- _Task description_
Print exactly the lines below between the line holding "Theorem corollary3p10 (R" and the line holding "Lemma sub_act_fixed_eq0 (g", inclusive, and nothing more.

- _Supplied data_

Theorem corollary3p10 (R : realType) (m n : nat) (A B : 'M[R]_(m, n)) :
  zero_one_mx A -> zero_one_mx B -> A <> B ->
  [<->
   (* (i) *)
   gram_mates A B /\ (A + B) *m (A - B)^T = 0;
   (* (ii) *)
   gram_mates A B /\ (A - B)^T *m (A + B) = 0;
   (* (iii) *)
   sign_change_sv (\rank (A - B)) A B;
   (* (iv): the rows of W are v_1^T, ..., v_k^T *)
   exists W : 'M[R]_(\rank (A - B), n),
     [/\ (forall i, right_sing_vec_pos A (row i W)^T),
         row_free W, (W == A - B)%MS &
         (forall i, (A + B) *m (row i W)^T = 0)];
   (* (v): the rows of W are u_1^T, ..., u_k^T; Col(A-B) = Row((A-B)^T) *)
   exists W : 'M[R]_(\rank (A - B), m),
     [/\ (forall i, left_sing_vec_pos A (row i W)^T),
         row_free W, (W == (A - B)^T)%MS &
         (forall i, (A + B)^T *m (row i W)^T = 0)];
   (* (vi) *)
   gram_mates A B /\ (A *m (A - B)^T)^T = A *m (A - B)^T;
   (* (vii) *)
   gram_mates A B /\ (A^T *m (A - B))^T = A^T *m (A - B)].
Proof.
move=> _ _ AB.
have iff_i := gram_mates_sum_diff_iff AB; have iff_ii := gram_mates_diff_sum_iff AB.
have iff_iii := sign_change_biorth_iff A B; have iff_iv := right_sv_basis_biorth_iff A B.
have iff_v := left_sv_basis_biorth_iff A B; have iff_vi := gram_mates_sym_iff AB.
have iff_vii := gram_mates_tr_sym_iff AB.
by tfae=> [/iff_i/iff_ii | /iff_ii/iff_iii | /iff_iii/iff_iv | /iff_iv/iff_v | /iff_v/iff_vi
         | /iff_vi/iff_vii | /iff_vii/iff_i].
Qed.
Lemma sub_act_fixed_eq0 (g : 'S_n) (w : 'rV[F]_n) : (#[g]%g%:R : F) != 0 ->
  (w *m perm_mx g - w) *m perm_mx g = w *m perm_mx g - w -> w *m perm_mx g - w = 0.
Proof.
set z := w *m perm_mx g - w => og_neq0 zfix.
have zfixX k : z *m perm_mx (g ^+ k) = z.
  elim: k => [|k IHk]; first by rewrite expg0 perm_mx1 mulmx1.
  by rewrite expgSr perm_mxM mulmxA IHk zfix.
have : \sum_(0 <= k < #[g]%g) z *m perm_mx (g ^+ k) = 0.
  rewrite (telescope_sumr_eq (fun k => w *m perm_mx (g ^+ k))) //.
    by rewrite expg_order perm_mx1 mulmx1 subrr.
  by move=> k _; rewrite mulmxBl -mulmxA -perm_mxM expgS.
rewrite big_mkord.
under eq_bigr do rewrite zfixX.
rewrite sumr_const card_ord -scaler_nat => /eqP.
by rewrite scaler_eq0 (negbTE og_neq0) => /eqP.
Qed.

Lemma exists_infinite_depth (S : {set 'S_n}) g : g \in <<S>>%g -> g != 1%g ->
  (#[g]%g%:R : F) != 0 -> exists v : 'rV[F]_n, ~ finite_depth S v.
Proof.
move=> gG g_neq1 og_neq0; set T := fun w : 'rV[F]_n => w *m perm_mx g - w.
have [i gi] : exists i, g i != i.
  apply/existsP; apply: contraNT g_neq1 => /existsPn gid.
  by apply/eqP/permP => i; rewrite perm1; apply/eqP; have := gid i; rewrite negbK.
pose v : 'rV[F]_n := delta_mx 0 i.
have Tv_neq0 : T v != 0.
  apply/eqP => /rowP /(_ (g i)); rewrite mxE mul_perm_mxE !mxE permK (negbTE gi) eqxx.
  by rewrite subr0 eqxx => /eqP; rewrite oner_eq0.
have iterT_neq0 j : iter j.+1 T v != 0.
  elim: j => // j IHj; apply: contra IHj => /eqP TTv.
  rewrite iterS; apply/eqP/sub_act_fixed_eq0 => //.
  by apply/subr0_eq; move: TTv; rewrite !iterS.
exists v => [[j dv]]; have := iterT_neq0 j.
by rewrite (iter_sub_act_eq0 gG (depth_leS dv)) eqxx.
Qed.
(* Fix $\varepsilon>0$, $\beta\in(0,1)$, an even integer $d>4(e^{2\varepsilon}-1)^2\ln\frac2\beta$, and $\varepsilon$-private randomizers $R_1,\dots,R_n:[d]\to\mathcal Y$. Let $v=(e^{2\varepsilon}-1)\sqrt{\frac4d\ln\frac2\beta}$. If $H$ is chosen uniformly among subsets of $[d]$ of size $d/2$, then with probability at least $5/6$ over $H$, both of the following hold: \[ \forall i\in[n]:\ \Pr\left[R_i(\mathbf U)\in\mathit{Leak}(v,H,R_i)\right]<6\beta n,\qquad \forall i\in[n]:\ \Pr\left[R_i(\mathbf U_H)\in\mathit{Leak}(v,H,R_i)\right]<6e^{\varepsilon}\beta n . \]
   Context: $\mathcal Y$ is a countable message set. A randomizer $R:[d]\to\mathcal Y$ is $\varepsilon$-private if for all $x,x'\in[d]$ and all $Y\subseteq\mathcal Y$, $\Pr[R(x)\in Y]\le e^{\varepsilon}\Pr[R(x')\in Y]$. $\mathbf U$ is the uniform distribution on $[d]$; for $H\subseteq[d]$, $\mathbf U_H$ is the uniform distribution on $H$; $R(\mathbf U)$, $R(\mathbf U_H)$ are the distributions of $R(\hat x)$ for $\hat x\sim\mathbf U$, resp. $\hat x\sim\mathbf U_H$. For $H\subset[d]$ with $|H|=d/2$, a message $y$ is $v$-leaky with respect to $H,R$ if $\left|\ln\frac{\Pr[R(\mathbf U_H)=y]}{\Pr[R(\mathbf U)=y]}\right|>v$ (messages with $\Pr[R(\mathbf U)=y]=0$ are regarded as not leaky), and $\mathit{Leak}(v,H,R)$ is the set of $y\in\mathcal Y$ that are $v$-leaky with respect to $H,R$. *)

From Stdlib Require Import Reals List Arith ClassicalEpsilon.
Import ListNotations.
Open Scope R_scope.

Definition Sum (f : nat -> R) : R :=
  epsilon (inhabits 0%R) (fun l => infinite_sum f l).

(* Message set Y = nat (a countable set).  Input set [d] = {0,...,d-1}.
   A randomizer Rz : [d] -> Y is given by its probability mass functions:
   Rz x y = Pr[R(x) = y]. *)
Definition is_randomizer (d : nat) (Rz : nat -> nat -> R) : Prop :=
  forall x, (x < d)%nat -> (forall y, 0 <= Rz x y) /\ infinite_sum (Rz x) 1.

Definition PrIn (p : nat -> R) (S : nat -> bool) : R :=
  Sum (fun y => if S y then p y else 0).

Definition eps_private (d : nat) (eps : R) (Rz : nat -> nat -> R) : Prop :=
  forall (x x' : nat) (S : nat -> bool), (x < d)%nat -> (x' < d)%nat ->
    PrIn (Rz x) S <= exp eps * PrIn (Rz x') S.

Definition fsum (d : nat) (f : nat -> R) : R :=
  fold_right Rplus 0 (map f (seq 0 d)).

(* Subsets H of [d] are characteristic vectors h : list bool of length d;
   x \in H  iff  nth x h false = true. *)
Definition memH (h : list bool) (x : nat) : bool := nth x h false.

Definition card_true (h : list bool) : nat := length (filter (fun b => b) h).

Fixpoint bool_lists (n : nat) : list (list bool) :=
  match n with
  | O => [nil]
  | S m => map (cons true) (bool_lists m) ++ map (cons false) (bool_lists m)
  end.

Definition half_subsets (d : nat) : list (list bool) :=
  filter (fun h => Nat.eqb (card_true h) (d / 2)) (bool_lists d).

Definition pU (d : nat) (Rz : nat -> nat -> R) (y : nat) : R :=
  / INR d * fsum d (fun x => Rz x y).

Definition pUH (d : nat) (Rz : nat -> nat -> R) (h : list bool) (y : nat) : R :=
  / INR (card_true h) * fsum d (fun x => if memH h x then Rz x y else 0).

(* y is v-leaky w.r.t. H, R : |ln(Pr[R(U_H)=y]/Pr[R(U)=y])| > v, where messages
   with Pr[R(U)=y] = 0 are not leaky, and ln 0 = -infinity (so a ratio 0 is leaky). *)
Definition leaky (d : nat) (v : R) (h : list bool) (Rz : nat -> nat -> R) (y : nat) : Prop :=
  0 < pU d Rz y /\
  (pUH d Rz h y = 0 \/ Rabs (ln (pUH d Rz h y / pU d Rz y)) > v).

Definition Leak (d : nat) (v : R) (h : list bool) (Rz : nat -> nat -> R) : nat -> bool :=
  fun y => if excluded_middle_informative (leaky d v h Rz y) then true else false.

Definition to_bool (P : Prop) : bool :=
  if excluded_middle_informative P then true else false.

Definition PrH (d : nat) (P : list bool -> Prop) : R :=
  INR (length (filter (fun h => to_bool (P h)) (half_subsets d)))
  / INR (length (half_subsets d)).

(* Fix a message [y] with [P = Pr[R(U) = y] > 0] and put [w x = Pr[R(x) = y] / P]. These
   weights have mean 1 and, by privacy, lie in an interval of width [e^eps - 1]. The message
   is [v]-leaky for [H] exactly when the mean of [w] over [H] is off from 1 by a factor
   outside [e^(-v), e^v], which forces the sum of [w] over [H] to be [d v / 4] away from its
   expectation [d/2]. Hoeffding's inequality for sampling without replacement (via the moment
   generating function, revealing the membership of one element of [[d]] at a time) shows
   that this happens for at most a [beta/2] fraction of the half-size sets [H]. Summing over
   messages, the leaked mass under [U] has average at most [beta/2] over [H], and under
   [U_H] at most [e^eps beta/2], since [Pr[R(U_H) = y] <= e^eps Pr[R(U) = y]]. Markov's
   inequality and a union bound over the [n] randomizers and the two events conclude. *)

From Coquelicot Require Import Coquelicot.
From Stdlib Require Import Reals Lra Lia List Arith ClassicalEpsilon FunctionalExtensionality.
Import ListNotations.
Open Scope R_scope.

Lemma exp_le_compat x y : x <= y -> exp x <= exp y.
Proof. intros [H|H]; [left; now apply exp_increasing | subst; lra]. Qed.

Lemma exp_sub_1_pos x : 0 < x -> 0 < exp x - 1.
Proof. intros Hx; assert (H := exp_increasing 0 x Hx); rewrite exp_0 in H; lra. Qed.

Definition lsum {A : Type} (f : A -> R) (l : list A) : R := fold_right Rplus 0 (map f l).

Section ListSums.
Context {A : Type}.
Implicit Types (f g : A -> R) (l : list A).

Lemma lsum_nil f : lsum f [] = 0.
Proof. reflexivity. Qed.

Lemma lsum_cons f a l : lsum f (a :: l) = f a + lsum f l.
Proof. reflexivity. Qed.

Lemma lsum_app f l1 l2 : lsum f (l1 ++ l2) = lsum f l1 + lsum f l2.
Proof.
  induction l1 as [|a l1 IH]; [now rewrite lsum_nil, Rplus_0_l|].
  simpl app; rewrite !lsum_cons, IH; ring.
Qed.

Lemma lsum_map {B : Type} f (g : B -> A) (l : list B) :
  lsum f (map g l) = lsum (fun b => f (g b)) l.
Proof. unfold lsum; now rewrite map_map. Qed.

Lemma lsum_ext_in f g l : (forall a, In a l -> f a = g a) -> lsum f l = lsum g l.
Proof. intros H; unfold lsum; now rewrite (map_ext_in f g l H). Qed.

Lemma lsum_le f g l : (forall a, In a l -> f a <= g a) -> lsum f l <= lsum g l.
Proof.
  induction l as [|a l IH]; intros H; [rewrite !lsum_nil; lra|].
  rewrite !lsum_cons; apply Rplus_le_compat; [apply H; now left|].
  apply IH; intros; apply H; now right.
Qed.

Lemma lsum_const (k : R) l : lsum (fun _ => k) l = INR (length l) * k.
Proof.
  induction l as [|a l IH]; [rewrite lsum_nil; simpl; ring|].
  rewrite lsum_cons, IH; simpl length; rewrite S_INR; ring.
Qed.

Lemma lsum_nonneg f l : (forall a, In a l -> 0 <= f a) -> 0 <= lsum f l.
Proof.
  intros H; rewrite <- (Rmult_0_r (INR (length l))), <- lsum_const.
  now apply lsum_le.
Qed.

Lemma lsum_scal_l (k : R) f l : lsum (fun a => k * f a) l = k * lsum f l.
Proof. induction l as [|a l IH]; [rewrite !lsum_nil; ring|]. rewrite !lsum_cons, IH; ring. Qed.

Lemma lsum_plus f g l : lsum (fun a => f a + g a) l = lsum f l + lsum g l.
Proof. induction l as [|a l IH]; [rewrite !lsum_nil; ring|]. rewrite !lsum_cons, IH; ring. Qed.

...

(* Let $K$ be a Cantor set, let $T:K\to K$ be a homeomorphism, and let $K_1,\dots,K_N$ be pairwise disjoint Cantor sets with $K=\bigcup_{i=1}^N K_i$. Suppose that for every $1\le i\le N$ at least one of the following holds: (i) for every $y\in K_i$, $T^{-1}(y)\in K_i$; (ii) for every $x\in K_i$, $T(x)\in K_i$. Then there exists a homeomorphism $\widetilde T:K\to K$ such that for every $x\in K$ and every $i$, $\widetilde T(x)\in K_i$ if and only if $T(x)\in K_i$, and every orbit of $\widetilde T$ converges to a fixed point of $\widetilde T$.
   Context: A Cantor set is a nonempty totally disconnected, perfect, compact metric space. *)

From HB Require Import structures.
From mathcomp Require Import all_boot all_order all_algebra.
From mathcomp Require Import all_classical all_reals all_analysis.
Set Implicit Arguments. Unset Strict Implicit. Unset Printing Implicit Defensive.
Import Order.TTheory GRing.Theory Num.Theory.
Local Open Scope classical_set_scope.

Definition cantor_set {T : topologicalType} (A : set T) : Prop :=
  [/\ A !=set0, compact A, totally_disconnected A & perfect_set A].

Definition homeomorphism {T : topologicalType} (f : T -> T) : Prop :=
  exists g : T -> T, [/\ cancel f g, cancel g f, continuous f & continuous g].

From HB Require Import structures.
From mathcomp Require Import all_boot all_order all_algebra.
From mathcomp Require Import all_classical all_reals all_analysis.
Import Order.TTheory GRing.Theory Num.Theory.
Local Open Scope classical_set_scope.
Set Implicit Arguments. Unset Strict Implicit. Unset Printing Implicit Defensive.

--

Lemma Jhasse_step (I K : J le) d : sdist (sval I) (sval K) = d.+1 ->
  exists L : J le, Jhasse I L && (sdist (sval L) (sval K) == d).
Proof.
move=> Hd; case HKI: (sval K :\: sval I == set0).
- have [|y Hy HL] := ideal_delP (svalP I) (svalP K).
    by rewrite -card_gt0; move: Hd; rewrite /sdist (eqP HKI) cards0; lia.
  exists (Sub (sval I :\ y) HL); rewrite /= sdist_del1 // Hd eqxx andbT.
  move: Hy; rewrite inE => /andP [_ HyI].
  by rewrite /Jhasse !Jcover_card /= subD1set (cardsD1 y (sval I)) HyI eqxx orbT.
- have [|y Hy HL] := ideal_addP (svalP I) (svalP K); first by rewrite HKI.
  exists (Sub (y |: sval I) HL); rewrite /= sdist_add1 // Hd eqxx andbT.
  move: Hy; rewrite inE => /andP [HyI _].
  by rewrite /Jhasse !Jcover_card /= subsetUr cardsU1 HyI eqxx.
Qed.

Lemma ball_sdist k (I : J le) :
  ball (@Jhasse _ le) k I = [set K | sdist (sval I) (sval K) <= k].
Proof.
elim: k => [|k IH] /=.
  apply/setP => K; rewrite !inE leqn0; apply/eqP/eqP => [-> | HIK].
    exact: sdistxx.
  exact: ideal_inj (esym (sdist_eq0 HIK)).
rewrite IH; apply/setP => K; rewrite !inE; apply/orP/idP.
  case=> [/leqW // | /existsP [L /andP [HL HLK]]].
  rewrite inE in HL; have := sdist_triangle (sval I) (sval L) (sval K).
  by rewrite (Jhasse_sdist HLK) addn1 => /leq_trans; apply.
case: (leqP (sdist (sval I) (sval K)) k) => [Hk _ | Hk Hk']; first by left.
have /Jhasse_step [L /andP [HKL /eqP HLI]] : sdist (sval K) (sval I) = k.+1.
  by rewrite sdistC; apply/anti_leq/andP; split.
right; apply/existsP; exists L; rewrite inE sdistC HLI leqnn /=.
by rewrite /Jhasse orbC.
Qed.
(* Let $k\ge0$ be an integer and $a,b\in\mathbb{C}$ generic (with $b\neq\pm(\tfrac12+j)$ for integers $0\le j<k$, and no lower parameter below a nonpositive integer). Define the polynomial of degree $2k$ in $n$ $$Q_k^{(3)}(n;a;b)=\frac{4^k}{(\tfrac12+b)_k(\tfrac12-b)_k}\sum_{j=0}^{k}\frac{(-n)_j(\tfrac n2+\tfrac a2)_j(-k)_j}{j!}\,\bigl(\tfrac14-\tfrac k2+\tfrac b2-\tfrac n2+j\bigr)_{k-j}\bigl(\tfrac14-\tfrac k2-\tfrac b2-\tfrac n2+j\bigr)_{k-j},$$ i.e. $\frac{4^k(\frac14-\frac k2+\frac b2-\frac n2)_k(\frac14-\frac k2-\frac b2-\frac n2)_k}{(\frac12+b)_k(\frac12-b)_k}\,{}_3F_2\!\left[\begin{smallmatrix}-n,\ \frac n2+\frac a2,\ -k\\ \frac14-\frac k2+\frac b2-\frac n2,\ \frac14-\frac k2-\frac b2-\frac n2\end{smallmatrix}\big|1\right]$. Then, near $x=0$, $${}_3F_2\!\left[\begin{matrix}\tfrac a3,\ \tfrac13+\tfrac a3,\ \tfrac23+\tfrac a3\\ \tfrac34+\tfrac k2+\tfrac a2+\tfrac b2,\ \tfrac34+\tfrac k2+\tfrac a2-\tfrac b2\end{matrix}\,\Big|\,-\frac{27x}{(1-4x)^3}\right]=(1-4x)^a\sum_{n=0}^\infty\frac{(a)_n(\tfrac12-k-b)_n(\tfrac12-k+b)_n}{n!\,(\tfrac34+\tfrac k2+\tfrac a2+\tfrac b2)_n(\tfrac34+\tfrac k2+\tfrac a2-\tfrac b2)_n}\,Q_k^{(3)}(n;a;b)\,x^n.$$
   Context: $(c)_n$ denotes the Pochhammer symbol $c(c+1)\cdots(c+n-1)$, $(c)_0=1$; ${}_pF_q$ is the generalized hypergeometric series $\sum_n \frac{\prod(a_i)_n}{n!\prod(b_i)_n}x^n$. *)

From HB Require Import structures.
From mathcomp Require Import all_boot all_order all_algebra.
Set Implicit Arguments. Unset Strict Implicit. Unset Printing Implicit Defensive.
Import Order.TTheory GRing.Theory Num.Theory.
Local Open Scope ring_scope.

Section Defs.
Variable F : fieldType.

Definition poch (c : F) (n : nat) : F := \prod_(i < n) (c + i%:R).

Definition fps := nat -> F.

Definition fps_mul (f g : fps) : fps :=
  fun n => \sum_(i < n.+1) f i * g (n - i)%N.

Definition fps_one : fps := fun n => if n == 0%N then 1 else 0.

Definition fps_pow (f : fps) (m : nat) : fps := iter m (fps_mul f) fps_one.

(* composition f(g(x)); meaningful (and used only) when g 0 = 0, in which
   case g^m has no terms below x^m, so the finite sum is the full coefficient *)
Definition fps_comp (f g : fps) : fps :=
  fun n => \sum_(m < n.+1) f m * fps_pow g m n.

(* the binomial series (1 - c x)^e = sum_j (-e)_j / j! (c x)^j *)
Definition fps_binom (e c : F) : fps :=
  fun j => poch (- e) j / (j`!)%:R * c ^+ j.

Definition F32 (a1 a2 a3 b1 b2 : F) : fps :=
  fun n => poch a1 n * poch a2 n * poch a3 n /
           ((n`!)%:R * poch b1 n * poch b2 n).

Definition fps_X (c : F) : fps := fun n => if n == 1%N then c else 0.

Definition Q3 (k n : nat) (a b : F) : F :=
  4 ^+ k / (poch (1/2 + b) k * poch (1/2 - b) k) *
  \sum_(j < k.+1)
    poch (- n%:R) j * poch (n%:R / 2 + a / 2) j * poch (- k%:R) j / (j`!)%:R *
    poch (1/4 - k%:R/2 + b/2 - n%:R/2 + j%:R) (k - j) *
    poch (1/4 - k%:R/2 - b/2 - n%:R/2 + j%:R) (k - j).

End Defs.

- _Exercise result_
Theorem corollary3p10 (R : realType) (m n : nat) (A B : 'M[R]_(m, n)) :
  zero_one_mx A -> zero_one_mx B -> A <> B ->
  [<->
   (* (i) *)
   gram_mates A B /\ (A + B) *m (A - B)^T = 0;
   (* (ii) *)
   gram_mates A B /\ (A - B)^T *m (A + B) = 0;
   (* (iii) *)
   sign_change_sv (\rank (A - B)) A B;
   (* (iv): the rows of W are v_1^T, ..., v_k^T *)
   exists W : 'M[R]_(\rank (A - B), n),
     [/\ (forall i, right_sing_vec_pos A (row i W)^T),
         row_free W, (W == A - B)%MS &
         (forall i, (A + B) *m (row i W)^T = 0)];
   (* (v): the rows of W are u_1^T, ..., u_k^T; Col(A-B) = Row((A-B)^T) *)
   exists W : 'M[R]_(\rank (A - B), m),
     [/\ (forall i, left_sing_vec_pos A (row i W)^T),
         row_free W, (W == (A - B)^T)%MS &
         (forall i, (A + B)^T *m (row i W)^T = 0)];
   (* (vi) *)
   gram_mates A B /\ (A *m (A - B)^T)^T = A *m (A - B)^T;
   (* (vii) *)
   gram_mates A B /\ (A^T *m (A - B))^T = A^T *m (A - B)].
Proof.
move=> _ _ AB.
have iff_i := gram_mates_sum_diff_iff AB; have iff_ii := gram_mates_diff_sum_iff AB.
have iff_iii := sign_change_biorth_iff A B; have iff_iv := right_sv_basis_biorth_iff A B.
have iff_v := left_sv_basis_biorth_iff A B; have iff_vi := gram_mates_sym_iff AB.
have iff_vii := gram_mates_tr_sym_iff AB.
by tfae=> [/iff_i/iff_ii | /iff_ii/iff_iii | /iff_iii/iff_iv | /iff_iv/iff_v | /iff_v/iff_vi
         | /iff_vi/iff_vii | /iff_vii/iff_i].
Qed.
Lemma sub_act_fixed_eq0 (g : 'S_n) (w : 'rV[F]_n) : (#[g]%g%:R : F) != 0 ->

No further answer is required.